第2章 大正期の帝国議会における臨時軍事費
 第1節 一般軍事費の動向
1.葛藤期   
2.軍拡期
3.軍縮期
第2節 帝国議会における臨時軍事費
1.臨時軍事費特別会計の成立と運用 
2.予算の説明と公開問題
3.陸軍機密費問題と決算審議

第3章 日中戦争期の帝国議会における臨時軍事費
第1節 一般軍事費の動向
1.ロンドン海軍軍縮条約と満州事変以後の転換
  2. 総合国策機関と物動計画
第2節 帝国議会における臨時軍事費
 1.臨時軍事費特別会計の成立と臨時軍事費問題
 2.日中戦争の長期化と臨時軍事費問題
 3.対米戦争への傾斜と臨時軍事費審議
 4. 予算の説明と公開
第3節 太平洋戦争期の臨時軍事費
 1.太平洋戦争における臨時軍事費
 2.終戦後の臨時軍事費

おわりに
参考文献目録


<本文要旨>
予算は政治的決定が数量で表現されるものであり、その成立においてはさまざまな政治的対抗関係が存在する。そのため、予算の成立とそれに伴う政治過程は政治史を明らかにするための重要な問題である。そこで、本論文では、政治史の視点から近代日本の軍事費について見ていきたい。
近代日本には、一般会計とは別途に特別会計として運用される臨時軍事費が存在した。臨時軍事費は「臨時軍事費特別会計法」に基づいて戦争の際に成立し、運用されており、日清戦争、日露戦争、第1次世界大戦・シベリア出兵、日中戦争・太平洋戦争の戦費は臨時軍事費によって賄われた。これは臨時軍事費の重要性を示している。しかし、臨時軍事費に関する先行研究は少なく、その多くは財政史・経済史のものである。政治史の視点からの研究の場合、吉田裕の研究と鈴木晟の研究が存在するに過ぎない。こうした研究状況に対し、筆者は軍事費のコントロールと帝国議会の役割に着目して臨時軍事費が帝国議会でどのように成立したのかに注目する。
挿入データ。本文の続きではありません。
(* Let $r=[r_0,\ldots,r_m]$ and $c=[c_0,\ldots,c_n]$ be strictly increasing sequences of nonnegative integers with $r_0\le c_n$, and let $\{\hat r,\hat c\}$ be an ordered sub-pair of $\{r,c\}$ of length $p+1\ge 1$, $\hat c=[\hat c_0,\ldots,\hat c_p]$. Let $A$ be the $(m+1)\times(p+1)$ real matrix with entries $$A_{i,j}=\frac{1}{r_i!}\,\frac{d^{r_i}}{dx^{r_i}}\big(x^{\hat c_j}\big)\Big|_{x=1},\qquad 0\le i\le m,\ 0\le j\le p.$$ Then $A$ has full column rank $p+1$.
   Context: A pair $\{\hat r,\hat c\}$ is an ordered sub-pair of $\{r,c\}$ of length $p+1$ if $\hat r=[\hat r_0,\ldots,\hat r_p]$ is a subsequence of $r$, $\hat c=[\hat c_0,\ldots,\hat c_p]$ is a subsequence of $c$, and $\hat r_i\le \hat c_i$ for all $i=0,\ldots,p$. (Note $A_{i,j}=\binom{\hat c_j}{r_i}$, with $\binom{a}{b}:=0$ for $b>a$.) *)

From HB Require Import structures.
From mathcomp Require Import all_boot all_order all_algebra.
Set Implicit Arguments. Unset Strict Implicit. Unset Printing Implicit Defensive.
Import Order.TTheory GRing.Theory Num.Theory.

Definition ordered_subpair (r c rh ch : seq nat) (p : nat) : Prop :=
  [/\ subseq rh r, subseq ch c, size rh = p.+1, size ch = p.+1 &
      forall i, i < p.+1 -> nth 0 rh i <= nth 0 ch i].

Definition derivA (R : realFieldType) (m p : nat) (r ch : seq nat)
  : 'M[R]_(m.+1, p.+1) :=
  \matrix_(i < m.+1, j < p.+1)
    ((((('X ^+ (nth 0 ch j) : {poly R}) ^`(nth 0 r i)).[1]) / ((nth 0 r i)`!)%:R))%R.

From HB Require Import structures.
From mathcomp Require Import all_boot all_order all_algebra zify.
Import Order.TTheory GRing.Theory Num.Theory.

Set Implicit Arguments.
Unset Strict Implicit.
Unset Printing Implicit Defensive.

(* Picking the rows of A indexed by rh gives the transpose of the binomial
   matrix M(k, c) = ('C(c_j, k_i))_{j,i} with k = rh, c = ch, because
   (x^c)^(k)(1) / k! = 'C(c, k).  For strictly increasing k and c with
   k_i <= c_i this minor is positive, by induction on the size and on k_0.
   If k_0 > 0, the identity c 'C(c-1, k-1) = k 'C(c, k) factors det M(k, c)
   as a positive multiple of det M(k-1, c-1).  If k_0 = 0, the first column
   is all ones; subtracting consecutive rows and expanding along it leaves a
   matrix whose row j is the sum over c_j <= t < c_(j+1) of the rows of
   binomials 'C(t, k_(i+1) - 1).  By multilinearity its determinant is a sum
   of smaller minors M(k', t) with t strictly increasing, all nonnegative,
   one of which (t_j = c_(j+1) - 1) is positive. *)

Definition increasing_on (n : nat) (f : nat -> nat) :=
  forall i j, i < j < n -> f i < f j.

Lemma increasing_on_nth (s : seq nat) :
  sorted ltn s -> increasing_on (size s) (nth 0 s).
Proof.
move=> sorted_s i j /andP[lt_ij lt_jn].
by apply: (sorted_ltn_nth ltn_trans) => //; rewrite inE // (ltn_trans lt_ij).
Qed.

Lemma increasing_on_shift n f :
  increasing_on n.+1 f -> increasing_on n (fun i => f i.+1).
Proof.
by move=> incr_f i j /andP[lt_ij lt_jn]; apply: incr_f; rewrite !ltnS lt_ij.
Qed.

Lemma increasing_on_pred n f : (forall i, i < n -> 0 < f i) ->
  increasing_on n f -> increasing_on n (fun i => (f i).-1).
Proof.
move=> f_gt0 incr_f i j /andP[lt_ij lt_jn].
have := f_gt0 i (ltn_trans lt_ij lt_jn).
by have := incr_f i j; rewrite lt_ij lt_jn => /(_ isT); lia.
Qed.

Lemma increasing_on_gt0 n f : increasing_on n f -> 0 < f 0 ->
  forall i, i < n -> 0 < f i.
Proof.
move=> incr_f f0_gt0 [//|i] lt_in.
by apply: ltn_trans f0_gt0 (incr_f 0 i.+1 _); rewrite lt_in.
Qed.

Lemma bin_telescope c d K : c <= d ->
  'C(d, K.+1) = 'C(c, K.+1) + \sum_(c <= t < d) 'C(t, K).
Proof.
elim: d => [|d IHd]; first by rewrite leqn0 => /eqP->; rewrite big_geq // addn0.
rewrite leq_eqVlt => /orP[/eqP<-|]; first by rewrite big_geq // addn0.
by rewrite ltnS => le_cd; rewrite big_nat_recr //= binS IHd // addnA.
Qed.

Lemma horner1_derivnXn (R : numFieldType) a b :
  ((('X^a : {poly R})^`(b)).[1] / b`!%:R = 'C(a, b)%:R)%R.
Proof.
rewrite nderivn_def nderivnXn !hornerMn hornerXn expr1n -mulrnA natrM mulfK //.
by rewrite pnatr_eq0 -lt0n fact_gt0.
Qed.

Definition replace_at (f : nat -> nat) (j x : nat) : nat -> nat :=
  fun l => if l == j then x else f l.

Lemma replace_at_other f j x l : l != j -> replace_at f j x l = f l.
Proof. by rewrite /replace_at => /negbTE ->. Qed.

Definition ordered_intervals (n : nat) (a b : nat -> nat) :=
  (forall j, j < n -> a j < b j) /\ (forall i j, i < j < n -> b i <= a j).

Lemma ordered_intervals_last n a b :
  ordered_intervals n a b -> increasing_on n (fun j => (b j).-1).
Proof.
move=> [lt_ab le_ba] i j /andP[lt_ij lt_jn].
have := lt_ab j lt_jn; have := le_ba i j; rewrite lt_ij lt_jn.
by move=> /(_ isT); have := lt_ab i (ltn_trans lt_ij lt_jn); lia.
Qed.

Lemma ordered_intervals_split n a b j s : j < n -> a j < s < b j ->
  ordered_intervals n a b ->
  ordered_intervals n a (replace_at b j s) /\
  ordered_intervals n (replace_at a j s) b.
Proof.
move=> lt_jn /andP[lt_as lt_sb] [lt_ab le_ba]; rewrite /replace_at.
split; split=> [l lt_ln|i l /andP[lt_il lt_ln]].
- by case: eqP => [->|_]; [exact: lt_as | exact: lt_ab].
- have := le_ba i l; rewrite lt_il lt_ln => /(_ isT).
  by case: eqP => [->|_] //; have := lt_ab i (ltn_trans lt_il lt_ln); lia.
- by case: eqP => [->|_]; [exact: lt_sb | exact: lt_ab].
- have := le_ba i l; rewrite lt_il lt_ln => /(_ isT).
  by case: eqP => [->|_] //; have := lt_ab l lt_ln; lia.
Qed.

Lemma sum_replace_lt n (F G : nat -> nat) (j : 'I_n) :
  F j < G j -> (forall l : 'I_n, l != j -> F l = G l) ->
  \sum_(l < n) F l < \sum_(l < n) G l.
Proof.
move=> lt_j eq_l; rewrite (bigD1 j) //= [X in _ < X](bigD1 j) //=.
by rewrite (eq_bigr (fun l : 'I_n => G l)) ?ltn_add2r // => l /eq_l.
Qed.

Section BinomialMatrices.

Variable R : realFieldType.
Local Open Scope ring_scope.

Definition binom_mx n (k c : nat -> nat) : 'M[R]_n :=
  \matrix_(j < n, i < n) 'C(c j, k i)%:R.

Definition binom_sum_mx n (k a b : nat -> nat) : 'M[R]_n :=
  \matrix_(j < n, i < n) \sum_(a j <= t < b j) 'C(t, k i)%:R.

Lemma binom_sum_mx_singletons n k (a b : nat -> nat) :
  (forall j : 'I_n, b j = (a j).+1) ->
  binom_sum_mx n k a b = binom_mx n k (fun j => (b j).-1).
Proof. by move=> b_a; apply/matrixP => j i; rewrite !mxE b_a big_nat1. Qed.

Lemma det_binom_sum_mx_split n k (a b : nat -> nat) (j : 'I_n) s :
  (a j <= s <= b j)%N ->
  \det (binom_sum_mx n k a b) =
  \det (binom_sum_mx n k a (replace_at b j s)) +
  \det (binom_sum_mx n k (replace_at a j s) b).
Proof.
move=> /andP[le_as le_sb].
have other_rows (c d : nat -> nat) : (forall l : 'I_n, l != j -> c l = d l) ->
    row' j (binom_sum_mx n k c b) = row' j (binom_sum_mx n k d b) /\
    row' j (binom_sum_mx n k a c) = row' j (binom_sum_mx n k a d).
  by move=> cd; split; apply/matrixP => l i; rewrite !mxE cd // eq_sym neq_lift.
rewrite -[X in _ = X + _]mul1r -[X in _ = _ + X]mul1r.
apply: (determinant_multilinear (i0 := j)).
- apply/rowP => i; rewrite !mxE /replace_at !eqxx !mul1r.
  by rewrite (@big_cat_nat _ _ _ s).
- by have [_ ->] := other_rows _ _ (fun l l_j => replace_at_other b s l_j).
- by have [-> _] := other_rows _ _ (fun l l_j => replace_at_other a s l_j).
Qed.

Lemma det_binom_mx_pred n k c : (forall i, (i < n)%N -> (0 < k i)%N) ->
  \det (binom_mx n k c) =
  (\prod_(j < n) (c j)%:R)
  * \det (binom_mx n (fun i => (k i).-1) (fun j => (c j).-1))
  / \prod_(i < n) (k i)%:R.
Proof.
move=> k_gt0.
have -> : binom_mx n k c =
    diag_mx (\row_j (c j)%:R)
    *m binom_mx n (fun i => (k i).-1) (fun j => (c j).-1)
    *m diag_mx (\row_i (k i)%:R^-1).
  apply/matrixP => j i; rewrite mul_mx_diag mul_diag_mx !mxE.
  have k_i := k_gt0 i (ltn_ord i).
  rewrite -natrM mul_bin_diag prednK // natrM mulrC mulKf //.
  by rewrite pnatr_eq0 -lt0n.
rewrite !det_mulmx !det_diag -prodfV.
by congr (_ * _ * _); apply: eq_bigr => i _; rewrite mxE.
Qed.

Lemma det_binom_mx_k0 n k c : k 0%N = 0%N ->
  increasing_on n.+1 k -> increasing_on n.+1 c ->
  \det (binom_mx n.+1 k c) =
  \det (binom_sum_mx n (fun i => (k i.+1).-1) c (fun j => c j.+1)).
Proof.
move=> k0 incr_k incr_c; set P := binom_mx n.+1 k c.
pose S : 'M[R]_n.+1 := \matrix_(j, l) (j == l.+1 :> nat)%:R.
have det_1S : \det (1 - S) = 1.
  rewrite det_trig; last first.
    apply/is_trig_mxP => j l lt_jl; rewrite !mxE.
    have -> : (j == l) = false := ltn_eqF lt_jl.
    by rewrite ltn_eqF ?subr0 // ltnS ltnW.
  apply: big1 => j _; rewrite !mxE eqxx.
  by rewrite (_ : (j == j.+1 :> nat) = false) ?subr0 //; lia.
have SP j i : (S *m P) j i = (0 < j)%N%:R * 'C(c j.-1, k i)%:R.
  rewrite !mxE; case: (posnP j) => [j0|j_gt0].
    by rewrite j0 mul0r; apply: big1 => l _; rewrite !mxE j0 mul0r.
  have j' : (j.-1 < n.+1)%N by rewrite (leq_ltn_trans (leq_pred j)).
  rewrite (bigD1 (Ordinal j')) //= big1 ?addr0 => [|l ne_l]; rewrite !mxE.
    by rewrite prednK // eqxx.
  rewrite (_ : (j == l.+1 :> nat) = false) ?mul0r //; apply: contraNF ne_l.
  by move=> /eqP j_l; apply/eqP/val_inj; rewrite /= j_l.
set Q := (1 - S) *m P.
have QE j i : Q j i = 'C(c j, k i)%:R - (0 < j)%N%:R * 'C(c j.-1, k i)%:R.
  by rewrite /Q mulmxBl mul1mx -SP !mxE.
have -> : \det P = \det Q by rewrite det_mulmx det_1S mul1r.
clearbody Q.
rewrite (expand_det_col _ ord0) big_ord_recl big1 => [|j _]; last first.
  by rewrite QE k0 !bin0 /= mulr1 subrr mul0r.
rewrite QE k0 !bin0 mul0r subr0 mul1r addr0 /cofactor expr0 mul1r.
congr (\det _); apply/matrixP => j i; rewrite !mxE QE !lift0 /= mul1r.
have k_i : (0 < k i.+1)%N by rewrite -k0; apply: incr_k; exact: ltn_ord.
have le_c : (c j <= c j.+1)%N.
  by apply/ltnW/incr_c; rewrite ltnSn; exact: ltn_ord.
rewrite -(prednK k_i) (bin_telescope _ le_c) natrD addrAC subrr add0r natr_sum.
by rewrite prednK.
Qed.

Section IntervalSums.

Variables (n : nat) (k : nat -> nat).
Hypothesis det_binom_mx_ge0 :
  forall c, increasing_on n c -> 0 <= \det (binom_mx n k c).

(* By multilinearity in each row, the determinant is the sum of the
   det (binom_mx n k t) over all choices a_j <= t_j < b_j; such t are
   increasing, and t = b - 1 is one of them. *)
Lemma det_binom_sum_mx_ge a b : ordered_intervals n a b ->
  \det (binom_mx n k (fun j => (b j).-1)) <= \det (binom_sum_mx n k a b).
Proof.
have [N] := ubnP (\sum_(j < n) (b j - a j))%N.
elim: N a b => // N IHN a b lt_len ok_ab.
case: (pickP (fun j : 'I_n => (a j).+1 < b j)%N) => [j long_j|short];
  last first.
  rewrite binom_sum_mx_singletons // => j.
  by have := short j; have := ok_ab.1 j (ltn_ord j); rewrite /=; lia.
have in_j : (a j < (b j).-1 < b j)%N by apply/andP; split; lia.
have [ok1 ok2] := ordered_intervals_split (ltn_ord j) in_j ok_ab.
have shorter (c d : nat -> nat) : (c j - d j < b j - a j)%N ->
    (forall l : 'I_n, l != j -> c l = b l /\ d l = a l) ->
    (\sum_(l < n) (c l - d l) < N)%N.
  move=> lt_j cd_l; rewrite ltnS in lt_len; apply: leq_trans lt_len.
  apply: (@sum_replace_lt n (fun l => c l - d l)%N (fun l => b l - a l)%N j).
  exact: lt_j.
  by move=> l /cd_l [-> ->].
have le_j : (a j <= (b j).-1 <= b j)%N by lia.
rewrite (det_binom_sum_mx_split k le_j).
rewrite -[X in X <= _]add0r lerD //.
  apply: le_trans (det_binom_mx_ge0 (ordered_intervals_last ok1)) _.
  apply: IHN ok1; apply: shorter => [|l l_j]; last by rewrite replace_at_other.
  by rewrite /replace_at eqxx; lia.
apply: IHN ok2; apply: shorter => [|l l_j]; last by rewrite replace_at_other.
by rewrite /replace_at eqxx; lia.
Qed.

End IntervalSums.

Lemma increasing_on_shift_pred n k : increasing_on n.+1 k ->
  increasing_on n (fun i => (k i.+1).-1).
Proof.
move=> incr_k; apply/increasing_on_pred/increasing_on_shift => // i lt_in.
by apply: leq_ltn_trans (incr_k 0%N i.+1 _); rewrite ?ltnS.
Qed.

Lemma consecutive_intervals n c : increasing_on n.+1 c ->
  ordered_intervals n c (fun j => c j.+1).
Proof.
move=> incr_c; split=> [j lt_jn|i j /andP[lt_ij lt_jn]].
  by apply: incr_c; rewrite ltnSn ltnS.
move: lt_ij; rewrite leq_eqVlt => /orP[/eqP-> // | lt_ij].
by apply/ltnW/incr_c; rewrite lt_ij ltnS ltnW.
Qed.

Lemma det_binom_mx_ge0 n k c : increasing_on n k -> increasing_on n c ->
  0 <= \det (binom_mx n k c).
Proof.
elim: n k c => [|n IHn] k c; first by rewrite det_mx00.
move Ek0 : (k 0%N) => k0.
elim: k0 k c Ek0 => [|k0 IHk] k c k_0 incr_k incr_c.
  have incr_k' := increasing_on_shift_pred incr_k.
  have ok := consecutive_intervals incr_c.
  rewrite det_binom_mx_k0 //.
  apply: le_trans (IHn _ _ incr_k' (ordered_intervals_last ok)) _.
  exact: det_binom_sum_mx_ge (fun c' => IHn _ c' incr_k') _ _ ok.
have k0_gt0 : (0 < k 0%N)%N by rewrite k_0.
have k_gt0 := increasing_on_gt0 incr_k k0_gt0.
rewrite det_binom_mx_pred //; case: (posnP (c 0%N)) => [c_0|c0_gt0].
  by rewrite (bigD1 ord0) //= c_0 !mul0r.
have c_gt0 := increasing_on_gt0 incr_c c0_gt0.
apply: divr_ge0; last by apply: prodr_ge0 => i _; rewrite ler0n.
apply: mulr_ge0; first by apply: prodr_ge0 => i _; rewrite ler0n.
apply: IHk; first by rewrite k_0.
- exact: increasing_on_pred.
- exact: increasing_on_pred.
Qed.

Lemma det_binom_mx_gt0 n k c : increasing_on n k -> increasing_on n c ->
  (forall i, (i < n)%N -> (k i <= c i)%N) -> 0 < \det (binom_mx n k c).
Proof.
elim: n k c => [|n IHn] k c; first by rewrite det_mx00.
move Ek0 : (k 0%N) => k0.
elim: k0 k c Ek0 => [|k0 IHk] k c k_0 incr_k incr_c le_kc.
  have incr_k' := increasing_on_shift_pred incr_k.
  have ok := consecutive_intervals incr_c.
  rewrite det_binom_mx_k0 //.
  apply: lt_le_trans (IHn _ _ incr_k' (ordered_intervals_last ok) _) _.
    by move=> i lt_in; have := le_kc i.+1 lt_in; lia.
  exact: det_binom_sum_mx_ge (fun c' => det_binom_mx_ge0 incr_k') _ _ ok.
have k0_gt0 : (0 < k 0%N)%N by rewrite k_0.
have k_gt0 := increasing_on_gt0 incr_k k0_gt0.
have c_gt0 := increasing_on_gt0 incr_c (leq_trans k0_gt0 (le_kc 0%N isT)).
rewrite det_binom_mx_pred //.
apply: divr_gt0; last by apply: prodr_gt0 => i _; rewrite ltr0n k_gt0.
apply: mulr_gt0; first by apply: prodr_gt0 => i _; rewrite ltr0n c_gt0.
apply: IHk; first by rewrite k_0.
- exact: increasing_on_pred.
- exact: increasing_on_pred.
- by move=> i lt_in; have := le_kc i lt_in; lia.
Qed.

End BinomialMatrices.

Theorem corollary2 (R : realFieldType) (m n p : nat) (r c rh ch : seq nat) :
  size r = m.+1 -> size c = n.+1 ->
  sorted ltn r -> sorted ltn c ->
  nth 0 r 0 <= nth 0 c n ->
  ordered_subpair r c rh ch p ->
  \rank (derivA R m p r ch) = p.+1.
Proof.
move=> size_r _ sorted_r sorted_c _ [sub_rh sub_ch size_rh size_ch le_rh_ch].
have incr_rh : increasing_on p.+1 (nth 0 rh).
  rewrite -size_rh; apply: increasing_on_nth.
  by apply: (subseq_sorted _ sub_rh sorted_r); exact: ltn_trans.
have incr_ch : increasing_on p.+1 (nth 0 ch).
  rewrite -size_ch; apply: increasing_on_nth.
  by apply: (subseq_sorted _ sub_ch sorted_c); exact: ltn_trans.
pose row_of (i : 'I_p.+1) : 'I_m.+1 := inord (index (nth 0 rh i) r).
have rh_in_r (i : 'I_p.+1) : nth 0 rh i \in r.
  by apply: (mem_subseq sub_rh); rewrite mem_nth // size_rh.
have minor : rowsub row_of (derivA R m p r ch) =
    (binom_mx R p.+1 (nth 0 rh) (nth 0 ch))^T%R.
  apply/matrixP => i j; rewrite !mxE horner1_derivnXn inordK ?nth_index //.
  by rewrite -size_r index_mem.
have minor_unit : rowsub row_of (derivA R m p r ch) \in unitmx.
  by rewrite minor unitmx_tr unitmxE unitfE gt_eqF // det_binom_mx_gt0.
apply/eqP; rewrite eqn_leq rank_leq_col -{1}(mxrank_unit minor_unit).
by rewrite rowsubE mxrankM_maxr.
Qed.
そこで、本論文では一般軍事費も視野に入れて、大正期から日中戦争期までを中心に臨時軍事費が帝国議会でどのように公開されたのか、どのような議論を経て成立したのか、時期ごとにどのように変わっていったのかを分析し、臨時軍事費が議会権力の弱化に伴っていかに予算のコントロールから外れていったのかを考察する。各章の内容は以下の通りである。
第1章では、臨時軍事費の特徴と略史について述べた。まず、臨時軍事費の特徴を見ていこう。戦費としての臨時軍事費は他の予算と違い、特別扱いを受けた。帝国議会で臨時軍事費は、機密上の理由で予算の内容がほとんど公開されなかった。また、その法律案と予算案は常に可決され、否決・修正されることもなかった。それから、臨時軍事費は、会計制度上、戦争の終結までを一会計年度としたため、開戦から戦後処理が終わるまで長く運用された。さらに、新たな軍事行動・戦争のために運用期間が延長されることもあった。要するに、臨時軍事費は予算のコントロールという点で大きな問題点を孕んでいたのである。次に臨時軍事費の略史を見ていこう。最初の臨時軍事費特別会計は、日清戦争の際に設けられ、その法律案と予算案は第7議会(1894年10月召集)で成立した。その結果、臨時軍事費は日清戦争の戦費として支出されることとなった。日清戦争の臨時軍事費は、台湾征服のための諸経費として引き継がれた後、終結された。日露戦争の時も臨時軍事費が運用された。この時期の臨時軍事費の特徴は、金額の大きさ、外国債への依存という2点にまとめられる。第1次世界大戦・シベリア出兵期の臨時軍事費は、第1次世界大戦の戦費として成立したが、シベリア出兵の費用として引き継がれた。そのため、1914年に設置された臨時軍事費特別会計は1925年まで継続され、臨時軍事費の長期化という先例を残した。日中戦争・太平洋戦争の臨時軍事費特別会計は、日中戦争の際に設けられた。最初の予算は、短期決戦の費用として第72議会(1937年9月召集)で成立した。しかし、戦争が長期化するにつれその追加予算が次々に成立した。当初、臨時軍事費は日中戦争を理由に成立したが、対米開戦の後は、そのまま引き継がれて太平洋戦争の戦費として支出された。太平洋戦争の臨時軍事費は日中戦争の臨時軍事費の追加予算として成立し、支出されたのである。終戦後、臨時軍事費は連合国総司令部の指示で、ようやく1946年に打ち切られた。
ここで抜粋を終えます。